> _About this exercise_: Can you quote exactly the stretch of lines from the one with "cartan b a = z%:~R) &" through the final line of the material, both ends included?

> _Given data_:
(* Let $\Phi$ be an irreducible root system of rank $n$ with base $\Delta$, and let $\Psi$ be a simple subroot system of $\Phi$ with $m$ simple roots, where $1\le m<n$. Then $$\frac{n}{|\Phi|}<\frac{m}{|\Psi|},$$ where $|\Phi|$ and $|\Psi|$ denote the total numbers of roots.
   Context: A simple subroot system of $\Phi$ is a subset of the form $\Psi=\{a_1\alpha_1+\dots+a_m\alpha_m:a_i\in\mathbb{Z}\}\cap\Phi$ where $\{\alpha_1,\dots,\alpha_m\}\subseteq\Delta$; then $\{\alpha_1,\dots,\alpha_m\}$ is a base of $\Psi$ (its simple roots). *)

From HB Require Import structures.
From mathcomp Require Import all_boot all_order all_algebra.
From mathcomp Require Import reals.
Set Implicit Arguments. Unset Strict Implicit. Unset Printing Implicit Defensive.
Import Order.TTheory GRing.Theory Num.Theory.
Local Open Scope ring_scope.

Definition dotv (R : realType) (n : nat) (u v : 'rV[R]_n) : R := (u *m v^T) 0 0.

Definition cartan (R : realType) (n : nat) (b a : 'rV[R]_n) : R :=
  2 * dotv b a / dotv a a.

Definition reflv (R : realType) (n : nat) (a b : 'rV[R]_n) : 'rV[R]_n :=
  b - cartan b a *: a.

(* A (reduced, crystallographic) root system in R^n, given as a
   duplicate-free list of its roots. *)
Definition is_root_system (R : realType) (n : nat) (Phi : seq 'rV[R]_n) : Prop :=
  [/\ uniq Phi /\ 0 \notin Phi,
      (<<Phi>>%VS = fullv),
      (forall a b, a \in Phi -> b \in Phi -> reflv a b \in Phi),
      (forall a b, a \in Phi -> b \in Phi -> exists z : int, cartan b a = z%:~R) &
      (forall a (c : R), a \in Phi -> c *: a \in Phi -> c = 1 \/ c = -1)].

> _Written solution_:
      (forall a b, a \in Phi -> b \in Phi -> exists z : int, cartan b a = z%:~R) &
      (forall a (c : R), a \in Phi -> c *: a \in Phi -> c = 1 \/ c = -1)].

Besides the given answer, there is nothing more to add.